(* For a coloured integer $k_x$ and $u,v,n\in\mathbb{N}$, let $d_{k_x}(u,v,n)$ be the number of admissible coloured partitions of size $n$ and weights $u$, $v$ whose largest part $\lambda_1$ satisfies $\lambda_1\le k_x$ in the total order of coloured integers (the empty partition is counted, with $n=u=v=0$), and set $d_{k_x}(u,v,n)=0$ whenever one of $u,v,n$ is negative. Then for all $u,v \in \mathbb{N}$ and all integers $k,n \geq 1$: \begin{align*} d_{(2k+1)_{ab}}(u,v,n)&=d_{(2k)_{b}}(u,v,n)+d_{(2k-1)_{a}}(u-1,v-1,n-2k-1),\\ d_{(2k+1)_{a}}(u,v,n)&=d_{(2k+1)_{ab}}(u,v,n)+d_{(2k)_{ab}}(u-1,v,n-2k-1),\\ d_{(2k+1)_{b^2}}(u,v,n)&=d_{(2k+1)_{a}}(u,v,n)+d_{(2k-1)_{a}}(u,v-2,n-2k-1),\\ d_{(2k+1)_{b}}(u,v,n)&=d_{(2k+1)_{b^2}}(u,v,n)+d_{(2k)_{a}}(u,v-1,n-2k-1),\\ d_{(2k+2)_{ab}}(u,v,n)&= d_{(2k+1)_{b}}(u,v,n)+d_{(2k)_{a}}(u-1,v-1,n-2k-2)+d_{(2k-1)_{a}}(u-1,v-2,n-4k-2),\\ d_{(2k+2)_{a}}(u,v,n)&= d_{(2k+2)_{ab}}(u,v,n)+d_{(2k)_{a}}(u-1,v,n-2k-2)+d_{(2k-1)_{a}}(u-1,v-1,n-4k-2),\\ d_{(2k+3)_{a^2}}(u,v,n)&= d_{(2k+2)_{a}}(u,v,n)+d_{(2k)_{a}}(u-2,v,n-2k-3)+d_{(2k-1)_{a}}(u-2,v-1,n-4k-3),\\ d_{(2k+2)_{b}}(u,v,n)&=d_{(2k+3)_{a^2}}(u,v,n)+d_{(2k+1)_{a}}(u,v-1,n-2k-2). \end{align*}
   Context: Coloured integers: every positive integer $k$ occurs in the three colours $a$, $b$, $ab$ (written $k_a$, $k_b$, $k_{ab}$). In addition, odd positive integers occur in the colours $a^2$ and $b^2$: $k_{b^2}$ for every odd $k\ge 1$ and $k_{a^2}$ for every odd $k \geq 3$. The integer value of $k_x$ is $k$ and its colour is $x$. These coloured integers are totally ordered by $$1_{ab} < 1_a < 1_{b^2} <1_{b} <2_{ab} < 2_a <3_{a^2} < 2_{b} <3_{ab} < 3_a < 3_{b^2} <3_b <4_{ab}<4_a<5_{a^2}<4_b<5_{ab}<\cdots,$$ that is, for every odd $m\ge1$: $m_{ab}<m_a<m_{b^2}<m_b<(m+1)_{ab}<(m+1)_a<(m+2)_{a^2}<(m+1)_b<(m+2)_{ab}$. Difference conditions: for a coloured integer $\lambda$ (the ''upper'' part) of colour $x$ and a coloured integer $\mu$ (the ''lower'' part) of colour $y$, a minimal difference $A(\lambda,\mu)$ is defined as follows, where the row is determined by the colour and the parity of the integer value of $\lambda$, and the entries are listed for $y = a, b, ab, a^2, b^2$ in this order: - $\lambda$ of colour $a$, odd: $2,2,1,2,2$; - $\lambda$ of colour $b^2$: $2,3,2,2,4$; - $\lambda$ of colour $b$, odd: $1,2,1,2,2$; - $\lambda$ of colour $ab$, even: $2,2,2,3,3$; - $\lambda$ of colour $a$, even: $2,2,2,3,3$; - $\lambda$ of colour $a^2$: $3,3,3,4,4$; - $\lambda$ of colour $b$, even: $1,2,1,1,3$; - $\lambda$ of colour $ab$, odd: $2,3,2,2,3$. An admissible coloured partition is a finite (possibly empty) sequence $\lambda_1,\dots,\lambda_s$ of coloured integers, none of which equals $1_{ab}$ or $1_{b^2}$, such that for every $1\le i<s$ the integer values satisfy $\lambda_i-\lambda_{i+1}\ge A(\lambda_i,\lambda_{i+1})$. Its size $n$ is the sum of the integer values of its parts. Its weight $u$ is the number of parts of colour $a$ or $ab$ plus twice the number of parts of colour $a^2$; its weight $v$ is the number of parts of colour $b$ or $ab$ plus twice the number of parts of colour $b^2$. *)

From mathcomp Require Import all_boot all_order all_algebra.
Set Implicit Arguments. Unset Strict Implicit. Unset Printing Implicit Defensive.
Import GRing.Theory Num.Theory.
(* Assume (A1), (A2), (A3) and that $\{x^k\}_{k\in\mathbb N}$ is bounded. Then there exist $c_0>0$ and $k'\in\mathbb N$ such that for all $k\ge k'$, $$\operatorname{dist}(0,\partial_L\Phi(z^{k+1}))\le c_0\sum_{h=k-\tau-K}^{k}\|x^{h+1}-x^h\|\quad\text{and}\quad\operatorname{dist}(0,\partial_L\Psi(x^{k+1}))\le c_0\sum_{h=k-\tau-K}^{k}\|x^{h+1}-x^h\|,$$ where $x^i:=x^0$ for $i<0$.
   Context: Let $\mathcal H=\mathcal H_1\times\cdots\times\mathcal H_m$ be a product of finite-dimensional real Euclidean spaces with $\langle x,y\rangle=\sum_j\langle x_j,y_j\rangle$. For $x\in\mathcal H$, $x_{-j}$ denotes $x$ with its $j$th block removed and $(x_{-j};y)$ the point with $j$th block replaced by $y\in\mathcal H_j$. Let $f:\mathcal H\to\mathbb R$ be $C^1$, $r_j:\mathcal H_j\to(-\infty,\infty]$ proper lower semicontinuous, $r(x)=\sum_jr_j(x_j)$, $\Psi=f+r$ bounded below. $r$ is prox-bounded: there is $\lambda_r>0$ with $\operatorname{argmin}_y\{r(y)+\frac1{2\lambda}\|x-y\|^2\}\ne\emptyset$ for all $x$ and $0<\lambda\le\lambda_r$. For each $j$ there is $L_j:\mathcal H_{-j}\to(0,\infty)$ such that $y\mapsto\nabla_jf(x_{-j};y)$ is $L_j(x_{-j})$-Lipschitz for every $x$; $\nabla f$ is Lipschitz on every bounded set. $\partial_L$ is the limiting subdifferential and $\operatorname{dist}(0,S)=\inf_{s\in S}\|s\|$. Delays: an integer $\tau\ge1$ and $d_k\in\{0,\dots,\tau\}^m$; $x^{k-d_k}:=(x_1^{k-d_{k,1}},\dots,x_m^{k-d_{k,m}})$, with $x^i_j=x^0_j$ for $i\le0$. Deterministic Asynchronous PALM: choose $x^0$, $c\in(0,1)$, $M>0$, indices $j_k\in\{1,\dots,m\}$; let $\rho_\tau:=\sup_{j,k}|\{h:k-\tau\le h\le k,\ j_h=j\}|$. For each $k$ set $\gamma^k_j=\min\{c(L_j(x^{k-d_k}_{-j})+2M\sqrt{\rho_\tau\tau})^{-1},\lambda_r\}$, choose $x^{k+1}_{j_k}\in\operatorname{argmin}_{u\in\mathcal H_{j_k}}\{r_{j_k}(u)+\langle\nabla_{j_k}f(x^{k-d_k}),u-x^k_{j_k}\rangle+\frac1{2\gamma^k_{j_k}}\|u-x^k_{j_k}\|^2\}$, and $x^{k+1}_j=x^k_j$ for $j\ne j_k$. (A1): there is $K\in\mathbb N$ with $\{1,\dots,m\}\subseteq\{j_{k+1},\dots,j_{k+K}\}$ for all $k$. (A2): there is $L>0$ with $L_j(x^{k-d_k}_{-j})\le L$ for all $j,k$. (A3): $\|\nabla_{j_k}f(x^k)-\nabla_{j_k}f(x^{k-d_k})\|\le M\|x^k-x^{k-d_k}\|$ for all $k$. Lyapunov function $\Phi:\mathcal H^{1+\tau}\to(-\infty,\infty]$: $\Phi(x(0),\dots,x(\tau))=f(x(0))+r(x(0))+\frac{M\sqrt{\rho_\tau}}{2\sqrt\tau}\sum_{h=1}^\tau(\tau-h+1)\|x(h)-x(h-1)\|^2$, and $z^k:=(x^k,x^{k-1},\dots,x^{k-\tau})$ with $x^i:=x^0$ for $i<0$. *)

From Stdlib Require Import Reals.
From mathcomp Require Import ssreflect ssrfun ssrbool eqtype ssrnat seq choice fintype.
Set Implicit Arguments. Unset Strict Implicit. Unset Printing Implicit Defensive.
Local Open Scope R_scope.

Definition vec (T : finType) := T -> R.
Definition rsum (T : finType) (g : T -> R) : R := foldr Rplus 0 (map g (enum T)).
Definition inner (T : finType) (u v : vec T) : R := rsum (fun i => u i * v i).
Definition vnorm (T : finType) (u : vec T) : R := sqrt (inner u u).
Definition vsub (T : finType) (u v : vec T) : vec T := fun i => u i - v i.

(** Extended reals (-oo, +oo] : None stands for +oo. *)
Definition ER := option R.
Definition ER_le (a b : ER) : Prop :=
  match a, b with
  | _, None => True
  | None, Some _ => False
  | Some x, Some y => x <= y
  end.
Definition ER_lt (a b : ER) : Prop :=
  match a, b with
  | None, _ => False
  | Some _, None => True
  | Some x, Some y => x < y
  end.
Definition ER_add (a b : ER) : ER :=
  match a, b with Some x, Some y => Some (x + y) | _, _ => None end.
Definition ER_addR (a : ER) (c : R) : ER :=
  match a with Some x => Some (x + c) | None => None end.

Definition proper_fun (T : finType) (g : vec T -> ER) : Prop := exists x, g x <> None.
Definition lsc (T : finType) (g : vec T -> ER) : Prop :=
  forall (x : vec T) (a : R), ER_lt (Some a) (g x) ->
    exists delta, 0 < delta /\ forall y, vnorm (vsub y x) < delta -> ER_lt (Some a) (g y).
Definition is_argmin (T : finType) (g : vec T -> ER) (y : vec T) : Prop :=
  forall u, ER_le (g y) (g u).

Definition is_C1 (T : finType) (f : vec T -> R) (grad : vec T -> vec T) : Prop :=
  (forall x eps, 0 < eps -> exists delta, 0 < delta /\ forall y,
      vnorm (vsub y x) < delta ->
      Rabs (f y - f x - inner (grad x) (vsub y x)) <= eps * vnorm (vsub y x)) /\
  (forall x eps, 0 < eps -> exists delta, 0 < delta /\ forall y,
      vnorm (vsub y x) < delta -> vnorm (vsub (grad y) (grad x)) < eps).

Definition lip_on_bounded (T : finType) (F : vec T -> vec T) : Prop :=
  forall B, exists Lb, forall x y, vnorm x <= B -> vnorm y <= B ->
    vnorm (vsub (F x) (F y)) <= Lb * vnorm (vsub x y).

Definition prox_bounded (T : finType) (g : vec T -> ER) (lam : R) : Prop :=
  forall (x : vec T) (l : R), 0 < l <= lam ->
    exists y, is_argmin (fun y => ER_addR (g y) (/ (2 * l) * (vnorm (vsub x y)) ^ 2)) y.

Definition frechet_sub (T : finType) (g : vec T -> ER) (x v : vec T) : Prop :=
  g x <> None /\
  forall eps, 0 < eps -> exists delta, 0 < delta /\ forall y,
    vnorm (vsub y x) < delta ->
    ER_le (ER_addR (g x) (inner v (vsub y x) - eps * vnorm (vsub y x))) (g y).

Definition vconv (T : finType) (u : nat -> vec T) (x : vec T) : Prop :=
  forall eps, 0 < eps -> exists N, forall n, (N <= n)%N -> vnorm (vsub (u n) x) < eps.

Definition limiting_sub (T : finType) (g : vec T -> ER) (x v : vec T) : Prop :=
  exists (xs vs : nat -> vec T),
    vconv xs x /\ vconv vs v /\ (forall n, frechet_sub g (xs n) (vs n)) /\
    exists gx, g x = Some gx /\
      forall eps, 0 < eps -> exists N, forall n, (N <= n)%N ->
        exists a, g (xs n) = Some a /\ Rabs (a - gx) < eps.

(** dist(0, S) <= b, i.e. inf_{s in S} ||s|| <= b (inf of the empty set = +oo). *)
Definition dist0_le (T : finType) (S : vec T -> Prop) (b : R) : Prop :=
  forall eps, 0 < eps -> exists v, S v /\ vnorm v < b + eps.

(** Block structure: H = R^I, H_j = R^{i | blk i = j}, H_{-j} = R^{i | blk i <> j}. *)
Section Blocks.
Local Unset Implicit Arguments.
Variables (m : nat) (I : finType) (blk : I -> 'I_m).

Definition blockT (j : 'I_m) : finType := {i : I | blk i == j}.
Definition cblockT (j : 'I_m) : finType := {i : I | blk i != j}.

Definition blk_of (x : vec I) (j : 'I_m) : vec (blockT j) := fun s => x (val s).
Definition blk_rest (x : vec I) (j : 'I_m) : vec (cblockT j) := fun s => x (val s).
Definition blk_repl (x : vec I) (j : 'I_m) (y : vec (blockT j)) : vec I :=
  fun i => match (insub i : option (blockT j)) with Some s => y s | None => x i end.

Definition rfull (r : forall j : 'I_m, vec (blockT j) -> ER) (x : vec I) : ER :=
  foldr ER_add (Some 0) (map (fun j => r j (blk_of x j)) (enum 'I_m)).

Definition Psi (f : vec I -> R) (r : forall j : 'I_m, vec (blockT j) -> ER) (x : vec I) : ER :=
  ER_addR (rfull r x) (f x).

Definition block_lipschitz (grad : vec I -> vec I)
    (L : forall j : 'I_m, vec (cblockT j) -> R) : Prop :=
  forall (j : 'I_m) (x : vec I) (y y' : vec (blockT j)),
    vnorm (vsub (blk_of (grad (blk_repl x j y)) j) (blk_of (grad (blk_repl x j y')) j))
      <= L j (blk_rest x j) * vnorm (vsub y y').

(* x^{k - d_k}, with x^i = x^0 for i <= 0 (truncated nat subtraction) *)
Definition xdel (X : nat -> vec I) (d : nat -> 'I_m -> nat) (k : nat) : vec I :=
  fun i => X (k - d k (blk i))%N i.

Definition cnt (jseq : nat -> 'I_m) (tau : nat) (j : 'I_m) (k : nat) : nat :=
  count (fun h => jseq h == j) (iota (k - tau) (k - (k - tau)).+1).

(* rho = sup_{j,k} cnt j k (a maximum, as the counts are bounded naturals) *)
Definition is_rho (jseq : nat -> 'I_m) (tau rho : nat) : Prop :=
  (forall j k, (cnt jseq tau j k <= rho)%N) /\ (exists j k, cnt jseq tau j k = rho).

Definition gamma (L : forall j : 'I_m, vec (cblockT j) -> R) (X : nat -> vec I)
    (d : nat -> 'I_m -> nat) (c M lam_r : R) (rho tau : nat) (k : nat) (j : 'I_m) : R :=
  Rmin (c / (L j (blk_rest (xdel X d k) j) + 2 * M * sqrt (INR rho * INR tau))) lam_r.

Definition palm_step (f : vec I -> R) (grad : vec I -> vec I)
    (r : forall j : 'I_m, vec (blockT j) -> ER)
    (L : forall j : 'I_m, vec (cblockT j) -> R) (X : nat -> vec I)
    (d : nat -> 'I_m -> nat) (jseq : nat -> 'I_m) (c M lam_r : R) (rho tau : nat)
    (k : nat) : Prop :=
  let j := jseq k in
  let g := gamma L X d c M lam_r rho tau k j in
  is_argmin (fun u => ER_addR (r j u)
                (inner (blk_of (grad (xdel X d k)) j) (vsub u (blk_of (X k) j))
                 + / (2 * g) * (vnorm (vsub u (blk_of (X k) j))) ^ 2))
            (blk_of (X k.+1) j) /\
  (forall i, blk i != j -> X k.+1 i = X k i).

Definition assumption_A1 (jseq : nat -> 'I_m) (K : nat) : Prop :=
  forall (k : nat) (j : 'I_m), exists t, (1 <= t <= K)%N /\ jseq (k + t)%N = j.

(* the Lyapunov function Phi on H^{1+tau} = R^('I_(tau+1) * I) *)
Definition zsl (tau : nat) (z : vec (('I_tau.+1 * I)%type)) (h : nat) : vec I :=
  fun i => z (inord h, i).

Definition Phi (f : vec I -> R) (r : forall j : 'I_m, vec (blockT j) -> ER)
    (M : R) (rho tau : nat) (z : vec (('I_tau.+1 * I)%type)) : ER :=
  ER_addR (rfull r (zsl tau z 0))
    (f (zsl tau z 0) +
     M * sqrt (INR rho) / (2 * sqrt (INR tau)) *
     foldr Rplus 0
       (map (fun h => INR (tau - h + 1) * (vnorm (vsub (zsl tau z h) (zsl tau z h.-1))) ^ 2)
            (iota 1 tau))).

■ The problem
Please copy the lines above from the line with "(forall j k, (cnt" up to and including the line with "Definition palm_step (f", exactly as written and with nothing else.

■ Written solution
  (forall j k, (cnt jseq tau j k <= rho)%N) /\ (exists j k, cnt jseq tau j k = rho).

Definition gamma (L : forall j : 'I_m, vec (cblockT j) -> R) (X : nat -> vec I)
    (d : nat -> 'I_m -> nat) (c M lam_r : R) (rho tau : nat) (k : nat) (j : 'I_m) : R :=
  Rmin (c / (L j (blk_rest (xdel X d k) j) + 2 * M * sqrt (INR rho * INR tau))) lam_r.

Definition palm_step (f : vec I -> R) (grad : vec I -> vec I)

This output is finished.